> _Assignment_:
Across the entries below, tally every line that holds the word "CBinvB". Give only the tally.

[Provided data]

(* Let $\tilde G=(\mathbf H\oplus\mathbf V,\ast)$ be the Lie group defined below, with Lie algebra $\mathfrak g$, and let $\delta:\mathfrak g\to\mathfrak g\wedge\mathfrak g$ be a 1-cocycle making $(\mathfrak g,\delta)$ a Lie bialgebra. Suppose that in the dual Lie algebra $\mathfrak g^*=\mathbf H^*\oplus\mathbf V^*$ (with bracket $\delta^*$) the subspace $\mathbf H^*$ is an abelian subalgebra. Then for the (unique) Poisson–Lie structure on $\tilde G$ whose linearization at the identity is $\delta$, one has $\{h^i,h^j\}=0$ identically on all of $\tilde G$, for all $i,j$, where $h^i$ are the linear coordinate functions on $\tilde G$ coming from a basis of $\mathbf H^*$.
   Context: $\mathbf H$ and $\mathbf V$ are finite-dimensional real vector spaces; $\mathbf H$ is regarded as a commutative Lie group under addition. $\rho_1,\rho_2:\mathbf H\to GL(\mathbf V)$ are two representations (group homomorphisms) whose images commute with each other. $\tilde G$ is the set $\mathbf H\oplus\mathbf V$ with the group law $(h,v)\ast(h',v')=(h+h',\ \rho_1(h)v'+\rho_2(h')^{-1}v)$; its unit is $(0,0)$ and $(h,v)^{-1}=(-h,-\rho_1(-h)\rho_2(h)v)$. Since $\tilde G$ is diffeomorphic to a vector space (connected and simply connected), every Lie bialgebra structure $\delta$ on its Lie algebra integrates to a unique Poisson–Lie structure on $\tilde G$ whose linearization at the identity is $\delta$. The linear functions $h^i$ (from $\mathbf H^*$) and $v^m$ (from $\mathbf V^*$) are the coordinate functions on $\tilde G$. *)

From HB Require Import structures.
From mathcomp Require Import all_boot all_order all_algebra.
From mathcomp Require Import all_classical all_reals all_analysis.
Set Implicit Arguments. Unset Strict Implicit. Unset Printing Implicit Defensive.
Import Order.TTheory GRing.Theory Num.Theory.
Import numFieldNormedType.Exports.
Local Open Scope ring_scope.

Fixpoint Ck (R : realType) (V W : normedModType R) (k : nat) (f : V -> W) : Prop :=
  match k with
  | 0 => forall x, differentiable f x
  | k.+1 => (forall x, differentiable f x) /\ forall v : V, Ck k ('D_v f)
  end.
Definition smooth (R : realType) (V W : normedModType R) (f : V -> W) : Prop :=
  forall k, Ck k f.
(* Let $p$ be a prime, $\mu\ge1$, $m=p^\mu$, and $n>2$. Let $A=(a_{ij})$ be a random symmetric $n\times n$ matrix over $\mathbf{Z}_m$, conditioned on $a_{11}\equiv0\pmod p$ and $a_{12}\not\equiv0\pmod p$. Then there is an $n\times n$ matrix $V$ (depending on $A$) such that $$VAV^T\equiv\begin{pmatrix} a_{11} & a_{12} & 0\\ a_{21} & a_{22} & 0\\ 0 & 0 & A''\end{pmatrix}\pmod{p^\mu},$$ where the off-diagonal blocks are zero and $A''$ is a random symmetric $(n-2)\times(n-2)$ matrix over $\mathbf{Z}_m$ (i.e. under the stated conditional distribution of $A$, $A''$ reduced mod $m$ is uniformly distributed over symmetric $(n-2)\times(n-2)$ matrices over $\mathbf{Z}_m$).
   Context: For a positive integer $m$, $\mathbf{Z}_m=\{1,2,\ldots,m\}$ (viewed as residues mod $m$). A random symmetric $n\times n$ matrix over $\mathbf{Z}_m$ is one whose entries $a_{ij}$, $i\le j$, are chosen independently and uniformly from $\mathbf{Z}_m$, with $a_{ji}=a_{ij}$. *)

From HB Require Import structures.
From mathcomp Require Import all_boot all_order all_algebra.
Set Implicit Arguments. Unset Strict Implicit. Unset Printing Implicit Defensive.
Import GRing.Theory.
Local Open Scope ring_scope.

Definition split2 (n : nat) (h : (2 <= n)%N) : (2 + (n - 2) = n)%N := subnKC h.

Definition unsplit_mx (R : Type) (n : nat) (h : (2 <= n)%N) (A : 'M[R]_n)
  : 'M[R]_(2 + (n - 2)) := castmx (esym (split2 h), esym (split2 h)) A.

Definition topleft2 (R : Type) (n : nat) (h : (2 <= n)%N) (A : 'M[R]_n) : 'M[R]_2 :=
  ulsubmx (unsplit_mx h A).

Definition blockdiag2 (R : nmodType) (n : nat) (h : (2 <= n)%N)
  (B : 'M[R]_2) (C : 'M[R]_(n - 2)) : 'M[R]_n :=
  castmx (split2 h, split2 h) (block_mx B 0 0 C).

Definition symmetricb (R : eqType) (n : nat) (A : 'M[R]_n) : bool := A^T == A.

Definition cond_event (m p n : nat) (h : (2 <= n)%N) (A : 'M['Z_m]_n) : bool :=
  let B := topleft2 h A in
  ((val (B ord0 ord0) %% p == 0)%N && (val (B ord0 ord_max) %% p != 0)%N).

(* the (finite, uniform) sample space: symmetric matrices satisfying the condition *)
Definition sample_space (m p n : nat) (h : (2 <= n)%N) : {set 'M['Z_m]_n} :=
  [set A | symmetricb A && cond_event p h A].

(** Since [a_11] is divisible by [p] while [a_12] is not, the leading 2x2 block
    [B] of [A] has determinant [a_11 a_22 - a_12^2], prime to [p]; so [B] is
    invertible mod [p^mu].  Row and column reduction by [V = (1 0; -C B^-1 1)]
    turns [A = (B C^T; C D)] into [diag(B, D - C B^-1 C^T)].  The Schur
    complement [A'' = D - C B^-1 C^T] is symmetric, and it is uniformly
    distributed because adding a symmetric [E] to the block [D] keeps [A] in
    the sample space and shifts [A''] by exactly [E]. *)

From HB Require Import structures.
From mathcomp Require Import all_boot all_order all_algebra.
Import GRing.Theory.
Local Open Scope ring_scope.
Set Implicit Arguments. Unset Strict Implicit.

Lemma det_mx22 (R : comPzRingType) (B : 'M[R]_2) :
  \det B = B 0 0 * B 1 1 - B 0 1 * B 1 0.
Proof.
rewrite (expand_det_row _ ord0) !big_ord_recl big_ord0 /cofactor !det_mx11.
rewrite !mxE /= expr0 mul1r expr1 mulN1r addr0 mulrN.
have -> : lift ord0 (0 : 'I_1) = 1 :> 'I_2 by apply/val_inj.
by have -> : lift (1 : 'I_2) (0 : 'I_1) = 0 :> 'I_2 by apply/val_inj.
Qed.

Lemma castmxD (R : nmodType) m1 n1 m2 n2 (eq_mn : (m1 = m2) * (n1 = n2))
    (X Y : 'M[R]_(m1, n1)) :
  castmx eq_mn (X + Y) = castmx eq_mn X + castmx eq_mn Y.
Proof. by case: eq_mn => em en; case: m2 / em; case: n2 / en. Qed.

Lemma castmx_mulmx_tr (R : pzRingType) m1 m2 (e : m1 = m2) (V A : 'M[R]_m1) :
  castmx (e, e) V *m castmx (e, e) A *m (castmx (e, e) V)^T
  = castmx (e, e) (V *m A *m V^T).
Proof. by case: m2 / e. Qed.

Section SchurComplement.
Variables (R : comUnitRingType) (a k : nat).
Implicit Types (A : 'M[R]_(a + k)).

Definition schur_complement A : 'M[R]_k :=
  drsubmx A - dlsubmx A *m invmx (ulsubmx A) *m ursubmx A.

Definition schur_reduction_mx A : 'M[R]_(a + k) :=
  block_mx 1%:M 0 (- (dlsubmx A *m invmx (ulsubmx A))) 1%:M.

Lemma schur_reduction_mxP A : A^T = A -> ulsubmx A \in unitmx ->
  schur_reduction_mx A *m A *m (schur_reduction_mx A)^T
  = block_mx (ulsubmx A) 0 0 (schur_complement A).
Proof.
move=> symA unitB.
have trB : (ulsubmx A)^T = ulsubmx A by rewrite trmx_ulsub symA.
have trC : (dlsubmx A)^T = ursubmx A by rewrite trmx_dlsub symA.
rewrite /schur_reduction_mx /schur_complement tr_block_mx !trmx0 !trmx1.
rewrite raddfN /= trmx_mul trmx_inv trB trC.
rewrite -{3}[A]submxK !mulmx_block !mul1mx !mul0mx !mulmx1 !mulmx0 !addr0.
have CBinvB : - (dlsubmx A *m invmx (ulsubmx A)) *m ulsubmx A = - dlsubmx A.
  by rewrite mulNmx -mulmxA mulVmx // mulmx1.
rewrite CBinvB addNr mul0mx add0r mulmxN !mulmxA mulmxV // mul1mx addNr.
by rewrite mulNmx addrC.
Qed.

Lemma schur_complement_sym A : A^T = A -> (schur_complement A)^T = schur_complement A.
Proof.
move=> symA.
have trB : (ulsubmx A)^T = ulsubmx A by rewrite trmx_ulsub symA.
have trC : (dlsubmx A)^T = ursubmx A by rewrite trmx_dlsub symA.
have trC' : (ursubmx A)^T = dlsubmx A by rewrite trmx_ursub symA.
have trD : (drsubmx A)^T = drsubmx A by rewrite trmx_drsub symA.
rewrite /schur_complement raddfB /= !trmx_mul trmx_inv.
by rewrite trB trC trC' trD mulmxA.
Qed.

Lemma schur_complement_add_drblock A (E : 'M[R]_k) :
  schur_complement (A + block_mx 0 0 0 E) = schur_complement A + E.
Proof.
rewrite /schur_complement -[A]submxK add_block_mx !addr0.
by rewrite !block_mxKul !block_mxKur !block_mxKdl !block_mxKdr addrAC.
Qed.

End SchurComplement.

Section PrimePowerResidues.
Variables (p mu : nat).
Hypotheses (p_pr : prime p) (mu_gt0 : (0 < mu)%N).
Local Notation m := (p ^ mu)%N.

Lemma pexp_gt1 : (1 < m)%N.
Proof. by rewrite -(expn0 p) ltn_exp2l ?prime_gt1. Qed.

Lemma dvdn_Zp_pexp_natr (x : nat) : (p %| (x%:R : 'Z_m))%N = (p %| x)%N.
Proof.
by rewrite val_Zp_nat ?pexp_gt1 // /dvdn (modn_dvdm _ (dvdn_exp mu_gt0 (dvdnn p))).
Qed.

Lemma unitZp_pexpE (x : 'Z_m) : (x \is a GRing.unit) = ~~ (p %| x)%N.
Proof.
by rewrite -{1}[x]natr_Zp unitZpE ?pexp_gt1 // coprime_pexpl // prime_coprime.
Qed.

(* The determinant [a d - b^2] is congruent to [-b^2] modulo [p]. *)
Lemma unitmx_Zp_pexp_22 (B : 'M['Z_m]_2) :
  B ord_max ord0 = B ord0 ord_max -> (p %| B ord0 ord0)%N -> ~~ (p %| B ord0 ord_max)%N ->
  B \in unitmx.
Proof.
move=> symB p_a p'b; rewrite unitmxE unitZp_pexpE; apply: contra p'b => p_det.
have detE : \det B + B ord0 ord_max * B ord0 ord_max = B ord0 ord0 * B ord_max ord_max.
  by rewrite det_mx22 (_ : 1 = ord_max) ?symB ?subrK //; apply/val_inj.
have := congr1 (fun x : 'Z_m => p %| x)%N detE.
rewrite -[\det B]natr_Zp -[B ord0 ord_max]natr_Zp -[B ord0 ord0]natr_Zp.
rewrite -[B ord_max ord_max]natr_Zp.
rewrite -natrM -natrD -natrM !dvdn_Zp_pexp_natr dvdn_addr // (dvdn_mulr _ p_a).
by rewrite Euclid_dvdM // orbb.
Qed.

End PrimePowerResidues.

Section Reduction.
Variables (p mu n : nat).
Hypotheses (p_pr : prime p) (mu_gt0 : (0 < mu)%N) (n_ge2 : (2 <= n)%N).
Local Notation m := (p ^ mu)%N.
Local Notation S := (sample_space m p n_ge2).
Local Notation blocks A := (unsplit_mx n_ge2 A).

Lemma unsplit_mx_sym (A : 'M['Z_m]_n) : symmetricb A -> (blocks A)^T = blocks A.
Proof. by move/eqP=> symA; rewrite /unsplit_mx trmx_cast /= symA. Qed.

Lemma sample_space_sym A : A \in S -> (blocks A)^T = blocks A.
Proof. by rewrite inE => /andP[/unsplit_mx_sym]. Qed.

Lemma sample_space_unit A : A \in S -> ulsubmx (blocks A) \in unitmx.
Proof.
move=> SA; have := SA; rewrite inE => /andP[_ /andP[p_a p'b]].
apply: unitmx_Zp_pexp_22 => //.
by rewrite -[in RHS](sample_space_sym SA) -trmx_ulsub [in RHS]mxE.
Qed.

Definition reduction_mx (A : 'M['Z_m]_n) : 'M['Z_m]_n :=
  castmx (split2 n_ge2, split2 n_ge2) (schur_reduction_mx (blocks A)).

Definition lower_block (A : 'M['Z_m]_n) : 'M['Z_m]_(n - 2) :=
  schur_complement (blocks A).

Lemma reduction_mxP A : A \in S ->
  reduction_mx A *m A *m (reduction_mx A)^T
  = blockdiag2 n_ge2 (topleft2 n_ge2 A) (lower_block A).
Proof.
move=> SA; rewrite /reduction_mx -{2}[A](castmxKV (split2 n_ge2) (split2 n_ge2)).
by rewrite castmx_mulmx_tr schur_reduction_mxP ?sample_space_sym ?sample_space_unit.
Qed.

Lemma lower_block_sym A : A \in S -> symmetricb (lower_block A).
Proof. by move=> SA; apply/eqP/schur_complement_sym/sample_space_sym. Qed.

Definition drblock_mx (E : 'M['Z_m]_(n - 2)) : 'M['Z_m]_n :=
  castmx (split2 n_ge2, split2 n_ge2) (block_mx 0 0 0 E).

Lemma unsplit_mx_add_drblock A E :
  blocks (A + drblock_mx E) = blocks A + block_mx 0 0 0 E.
Proof. by rewrite /unsplit_mx castmxD castmxK. Qed.

Lemma sample_space_add_drblock A E :
  symmetricb E -> A \in S -> A + drblock_mx E \in S.
Proof.
move/eqP=> symE; rewrite !inE => /andP[symA condA]; apply/andP; split.
  rewrite /symmetricb raddfD /= (eqP symA) /drblock_mx trmx_cast /=.
  by rewrite tr_block_mx !trmx0 symE.
suff topleftE : topleft2 n_ge2 (A + drblock_mx E) = topleft2 n_ge2 A.
  by rewrite /cond_event topleftE.
by rewrite /topleft2 unsplit_mx_add_drblock -[blocks A]submxK add_block_mx addr0 !block_mxKul.
Qed.

Lemma lower_block_add_drblock A E : lower_block (A + drblock_mx E) = lower_block A + E.
Proof. by rewrite /lower_block unsplit_mx_add_drblock schur_complement_add_drblock. Qed.

Lemma symmetricbB (B1 B2 : 'M['Z_m]_(n - 2)) :
  symmetricb B1 -> symmetricb B2 -> symmetricb (B2 - B1).
Proof. by move=> /eqP sym1 /eqP sym2; rewrite /symmetricb raddfB /= sym1 sym2. Qed.

Lemma card_lower_block_fibre_le (B1 B2 : 'M['Z_m]_(n - 2)) :
  symmetricb B1 -> symmetricb B2 ->
  (#|[set A in S | lower_block A == B1]| <= #|[set A in S | lower_block A == B2]|)%N.
Proof.
move=> sym1 sym2; set E := B2 - B1.
rewrite -(card_imset _ (addIr (drblock_mx E))); apply/subset_leq_card/subsetP.
move=> X /imsetP[A]; rewrite inE => /andP[SA /eqP fibreA] ->.
by rewrite inE sample_space_add_drblock ?symmetricbB //= lower_block_add_drblock fibreA addrC subrK.
Qed.

End Reduction.

Theorem lemma2p2 (p mu n : nat) (hp : prime p) (hmu : (1 <= mu)%N)
  (hn : (2 < n)%N) :
  let m := (p ^ mu)%N in
  let h : (2 <= n)%N := ltnW hn in
  exists (V : 'M['Z_m]_n -> 'M['Z_m]_n) (A'' : 'M['Z_m]_n -> 'M['Z_m]_(n - 2)),
    (forall A, A \in sample_space m p h ->
       V A *m A *m (V A)^T = blockdiag2 h (topleft2 h A) (A'' A)) /\
    (* A'' is uniformly distributed over symmetric (n-2)x(n-2) matrices *)
    (forall A, A \in sample_space m p h -> symmetricb (A'' A)) /\
    (forall B1 B2 : 'M['Z_m]_(n - 2), symmetricb B1 -> symmetricb B2 ->
       #|[set A in sample_space m p h | A'' A == B1]| =
       #|[set A in sample_space m p h | A'' A == B2]|).
Proof.
move=> m h; exists (reduction_mx h), (lower_block h).
split; first exact: reduction_mxP.
split; first exact: lower_block_sym.
move=> B1 B2 sym1 sym2; apply/eqP; rewrite eqn_leq.
by rewrite !card_lower_block_fibre_le.
Qed.
(* For every integer $k\ge 2$ there exists a cubic graph $G$ with a proper $5$-edge-coloring $c$ such that $|N_G(c)|=k$.
   Context: Graphs are finite, undirected, loopless, and may contain parallel edges. A proper $5$-edge-coloring of $G$ is a map $c:E(G)\to\{1,\dots,5\}$ with adjacent edges receiving different colors. For such $c$ and a vertex $v$, $S_c(v)$ is the set of colors on edges incident to $v$. An edge $uv$ of a cubic graph is poor if $|S_c(u)\cup S_c(v)|=3$, rich if $|S_c(u)\cup S_c(v)|=5$, and abnormal if it is neither poor nor rich. $N_G(c)$ denotes the set of abnormal edges of $G$ with respect to $c$. *)

From mathcomp Require Import all_boot.
Set Implicit Arguments. Unset Strict Implicit. Unset Printing Implicit Defensive.

(* A finite multigraph: vertex type V, edge type E, each edge e has
   endpoints (src e, dst e).  Parallel edges allowed (distinct edges may
   have the same endpoints). *)
Section Graphs.
Variables (V E : finType) (src dst : E -> V).

Definition loopless : Prop := forall e, src e != dst e.

Definition incident (v : V) (e : E) : bool := (src e == v) || (dst e == v).

Definition inc_edges (v : V) : {set E} := [set e | incident v e].

(* cubic: every vertex has degree 3 (loopless, so degree = #incident edges) *)
Definition cubic : Prop := forall v, #|inc_edges v| = 3.

(* colours 1..5 are represented by 'I_5 *)
Definition proper_coloring (c : E -> 'I_5) : Prop :=
  forall e f, e != f -> (exists v, incident v e && incident v f) -> c e != c f.

Definition Sc (c : E -> 'I_5) (v : V) : {set 'I_5} := c @: inc_edges v.

Definition poor (c : E -> 'I_5) (e : E) : bool :=
  #|Sc c (src e) :|: Sc c (dst e)| == 3.
Definition rich (c : E -> 'I_5) (e : E) : bool :=
  #|Sc c (src e) :|: Sc c (dst e)| == 5.
Definition abnormal (c : E -> 'I_5) (e : E) : bool :=
  ~~ poor c e && ~~ rich c e.

Definition abnormal_edges (c : E -> 'I_5) : {set E} := [set e | abnormal c e].
End Graphs.

(* Whether an edge is abnormal depends only on the colours around its two ends,
   so in a disjoint union of coloured graphs the abnormal edges of the union are
   the disjoint union of those of the components.

   The building block is the 3-cube Q3 (8 vertices, 12 edges), which carries
   two proper 5-edge-colourings: one with exactly 2 abnormal edges and one with
   exactly 3.  These finite facts are checked by computation, after the
   set-theoretic notions (colour sets S_c(v), poor/rich edges, cubicity,
   properness) are reflected into boolean tests over the enumerations of the
   vertex and edge types.

   Finally k = 2 * (k/2) for even k and k = 3 + 2 * (k/2 - 1) for odd k, so
   k/2 copies of Q3, all coloured with the 2-colouring except for one copy
   coloured with the 3-colouring when k is odd, give exactly k abnormal edges. *)

From mathcomp Require Import all_boot.

Set Implicit Arguments.
Unset Strict Implicit.
Unset Printing Implicit Defensive.

Section Copies.
Variables (I V E : finType) (src dst : E -> V) (col : I -> E -> 'I_5).

Definition copies_src (x : I * E) : I * V := (x.1, src x.2).
Definition copies_dst (x : I * E) : I * V := (x.1, dst x.2).
Definition copies_col (x : I * E) : 'I_5 := col x.1 x.2.

Lemma incident_copies i v j e :
  incident copies_src copies_dst (i, v) (j, e) = (j == i) && incident src dst v e.
Proof. by rewrite /incident /copies_src /copies_dst /= !xpair_eqE; case: (j == i). Qed.

Lemma inc_edges_copies i v :
  inc_edges copies_src copies_dst (i, v) = pair i @: inc_edges src dst v.
Proof.
apply/setP => -[j e]; rewrite inE incident_copies.
have [-> | ne_ji] /= := eqVneq j i.
  apply/idP/imsetP => [inc_ve | [e' + [->]]]; last by rewrite inE.
  by exists e; rewrite ?inE.
by apply/esym/negbTE/imsetP => -[e' _ [ej _]]; rewrite ej eqxx in ne_ji.
Qed.

Lemma Sc_copies i v :
  Sc copies_src copies_dst copies_col (i, v) = Sc src dst (col i) v.
Proof. by rewrite /Sc inc_edges_copies -imset_comp. Qed.

Lemma abnormal_copies i e :
  abnormal copies_src copies_dst copies_col (i, e) = abnormal src dst (col i) e.
Proof. by rewrite /abnormal /poor /rich /copies_src /copies_dst /= !Sc_copies. Qed.

Lemma loopless_copies : loopless src dst -> loopless copies_src copies_dst.
Proof. by move=> noloop [i e]; rewrite /copies_src /copies_dst xpair_eqE negb_and noloop orbT. Qed.

Lemma cubic_copies : cubic src dst -> cubic copies_src copies_dst.
Proof.
by move=> cub [i v]; rewrite inc_edges_copies card_imset ?cub // => e f [].
Qed.

Lemma proper_copies :
  (forall i, proper_coloring src dst (col i)) ->
  proper_coloring copies_src copies_dst copies_col.
Proof.
move=> proper_col [i e] [j f] ne_ef [[l v] /andP[]].
rewrite !incident_copies => /andP[/eqP eq_il inc_ve] /andP[/eqP eq_jl inc_vf].
subst i j; apply: (proper_col l); last by exists v; rewrite inc_ve inc_vf.
by apply: contraNneq ne_ef => /= ->.
Qed.

Lemma card_abnormal_copies :
  #|abnormal_edges copies_src copies_dst copies_col| =
  \sum_(i : I) #|abnormal_edges src dst (col i)|.
Proof.
rewrite -sum1_card (eq_bigl (fun x => abnormal src dst (col x.1) x.2)); last first.
  by move=> [i e]; rewrite inE abnormal_copies.
rewrite -(pair_big_dep xpredT (fun i e => abnormal src dst (col i) e) (fun _ _ => 1)).
by apply: eq_bigr => i _; rewrite -sum1_card; apply: eq_bigl => e; rewrite inE.
Qed.
End Copies.

Section Decide.
Variables (V E : finType) (src dst : E -> V).

Lemma card_count (T : finType) (A : {pred T}) : #|A| = count (mem A) (enum T).
Proof.
rewrite -size_filter -(card_uniqP (filter_uniq _ (enum_uniq T))).
by apply: eq_card => x; rewrite mem_filter mem_enum andbT.
Qed.

Definition sees_colour (c : E -> 'I_5) (v : V) (x : 'I_5) : bool :=
  has (fun e => incident src dst v e && (c e == x)) (enum E).

Lemma mem_Sc c v x : (x \in Sc src dst c v) = sees_colour c v x.
Proof.
apply/imsetP/hasP => [[e + ->] | [e _ /andP[inc_ve /eqP <-]]].
  by rewrite inE => inc_ve; exists e; rewrite ?mem_enum ?inc_ve ?eqxx.
by exists e; rewrite ?inE.
Qed.

Definition colours_at_ends (c : E -> 'I_5) (e : E) : nat :=
  count (fun x => sees_colour c (src e) x || sees_colour c (dst e) x) (enum 'I_5).

Lemma card_abnormal_edges_count c :
  #|abnormal_edges src dst c| =
  count (fun e => (colours_at_ends c e != 3) && (colours_at_ends c e != 5)) (enum E).
Proof.
have ends e : #|Sc src dst c (src e) :|: Sc src dst c (dst e)| = colours_at_ends c e.
  by rewrite card_count; apply: eq_count => x; rewrite /= inE !mem_Sc.
by rewrite card_count; apply: eq_count => e; rewrite /= inE /abnormal /poor /rich ends.
Qed.

Lemma looplessb : all (fun e => src e != dst e) (enum E) -> loopless src dst.
Proof. by move/allP=> noloop e; apply: noloop; rewrite mem_enum. Qed.

Lemma cubicb :
  all (fun v => count (incident src dst v) (enum E) == 3) (enum V) -> cubic src dst.
Proof.
move/allP=> deg3 v; rewrite card_count (eq_count (a2 := incident src dst v)).
  by apply/eqP/deg3; rewrite mem_enum.
by move=> e; rewrite /= inE.
Qed.

Lemma properb (c : E -> 'I_5) :
  all (fun e => all (fun f => (e != f) ==>
        has (fun v => incident src dst v e && incident src dst v f) (enum V) ==>
        (c e != c f)) (enum E)) (enum E) ->
  proper_coloring src dst c.
Proof.
move/allP=> ok e f ne_ef [v common].
move: (ok e (mem_enum _ e)) => /allP/(_ f (mem_enum _ f)).
by rewrite ne_ef /= => /implyP; apply; apply/hasP; exists v; rewrite ?mem_enum.
Qed.
End Decide.

(* Ordinals built by reduction modulo n.+1: their enumeration computes, unlike
   enum 'I_n.+1, whose membership proofs block evaluation. *)
Definition ord_mod (n m : nat) : 'I_n.+1 := Ordinal (ltn_pmod m (ltn0Sn n)).

Lemma enum_ord_mod n : enum 'I_n.+1 = map (ord_mod n) (iota 0 n.+1).
Proof.
apply: (inj_map val_inj); rewrite val_enum_ord -map_comp -[LHS]map_id.
by apply/eq_in_map => m; rewrite mem_iota /= => lt_m; rewrite modn_small.
Qed.

(* The 3-cube: outer 4-cycle 0123, inner 4-cycle 4567 and rungs i -- i+4. *)
Definition cube_src (e : 'I_12) : 'I_8 := ord_mod 7 (nth 0 [:: 0;1;2;3;4;5;6;7;0;1;2;3] e).
Definition cube_dst (e : 'I_12) : 'I_8 := ord_mod 7 (nth 0 [:: 1;2;3;0;5;6;7;4;4;5;6;7] e).

Definition cube_col2 (e : 'I_12) : 'I_5 := ord_mod 4 (nth 0 [:: 0;1;0;1;2;3;2;4;3;4;4;3] e).
Definition cube_col3 (e : 'I_12) : 'I_5 := ord_mod 4 (nth 0 [:: 0;1;2;3;1;0;3;4;2;3;4;0] e).

Lemma cube_loopless : loopless cube_src cube_dst.
Proof. by apply: looplessb; rewrite enum_ord_mod; vm_compute. Qed.

Lemma cube_cubic : cubic cube_src cube_dst.
Proof. by apply: cubicb; rewrite !enum_ord_mod; vm_compute. Qed.

Lemma cube_proper2 : proper_coloring cube_src cube_dst cube_col2.
Proof. by apply: properb; rewrite !enum_ord_mod; vm_compute. Qed.

Lemma cube_proper3 : proper_coloring cube_src cube_dst cube_col3.
Proof. by apply: properb; rewrite !enum_ord_mod; vm_compute. Qed.

Lemma cube_abnormal2 : #|abnormal_edges cube_src cube_dst cube_col2| = 2.
Proof. by rewrite card_abnormal_edges_count /colours_at_ends /sees_colour !enum_ord_mod; vm_compute. Qed.

Lemma cube_abnormal3 : #|abnormal_edges cube_src cube_dst cube_col3| = 3.
Proof. by rewrite card_abnormal_edges_count /colours_at_ends /sees_colour !enum_ord_mod; vm_compute. Qed.

Definition cube_family (k : nat) (i : 'I_k./2) : 'I_12 -> 'I_5 :=
  if odd k && (val i == 0) then cube_col3 else cube_col2.

Lemma cube_family_proper k (i : 'I_k./2) : proper_coloring cube_src cube_dst (cube_family i).
Proof. by rewrite /cube_family; case: ifP => _; [exact: cube_proper3 | exact: cube_proper2]. Qed.

Lemma cube_family_abnormal k :
  2 <= k -> \sum_(i < k./2) #|abnormal_edges cube_src cube_dst (cube_family i)| = k.
Proof.
move=> k_ge2; rewrite -[RHS](odd_double_half k) /cube_family.
case: (odd k) => /=; last first.
  by rewrite (eq_bigr (fun _ => 2)) => [|i _]; rewrite ?cube_abnormal2 // sum_nat_const card_ord muln2.
have [n half_k] : exists n, k./2 = n.+1 by exists k./2.-1; rewrite prednK // half_gt0.
rewrite half_k big_ord_recl /= cube_abnormal3.
rewrite (eq_bigr (fun _ => 2)) => [|i _]; last by rewrite cube_abnormal2.
by rewrite sum_nat_const card_ord muln2 doubleS !addSn.
Qed.

Theorem mainTheorem7 : forall k : nat, 2 <= k ->
  exists (V E : finType) (src dst : E -> V) (c : E -> 'I_5),
    [/\ loopless src dst, cubic src dst, proper_coloring src dst c &
        #|abnormal_edges src dst c| = k].
Proof.
move=> k k_ge2.
exists ('I_k./2 * 'I_8)%type, ('I_k./2 * 'I_12)%type.
exists (copies_src cube_src), (copies_dst cube_dst), (copies_col (@cube_family k)).
split.
- exact: loopless_copies cube_loopless.
- exact: cubic_copies cube_cubic.
- exact: proper_copies (@cube_family_proper k).
- by rewrite card_abnormal_copies cube_family_abnormal.
Qed.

[/Provided data]

> _Task response_:
2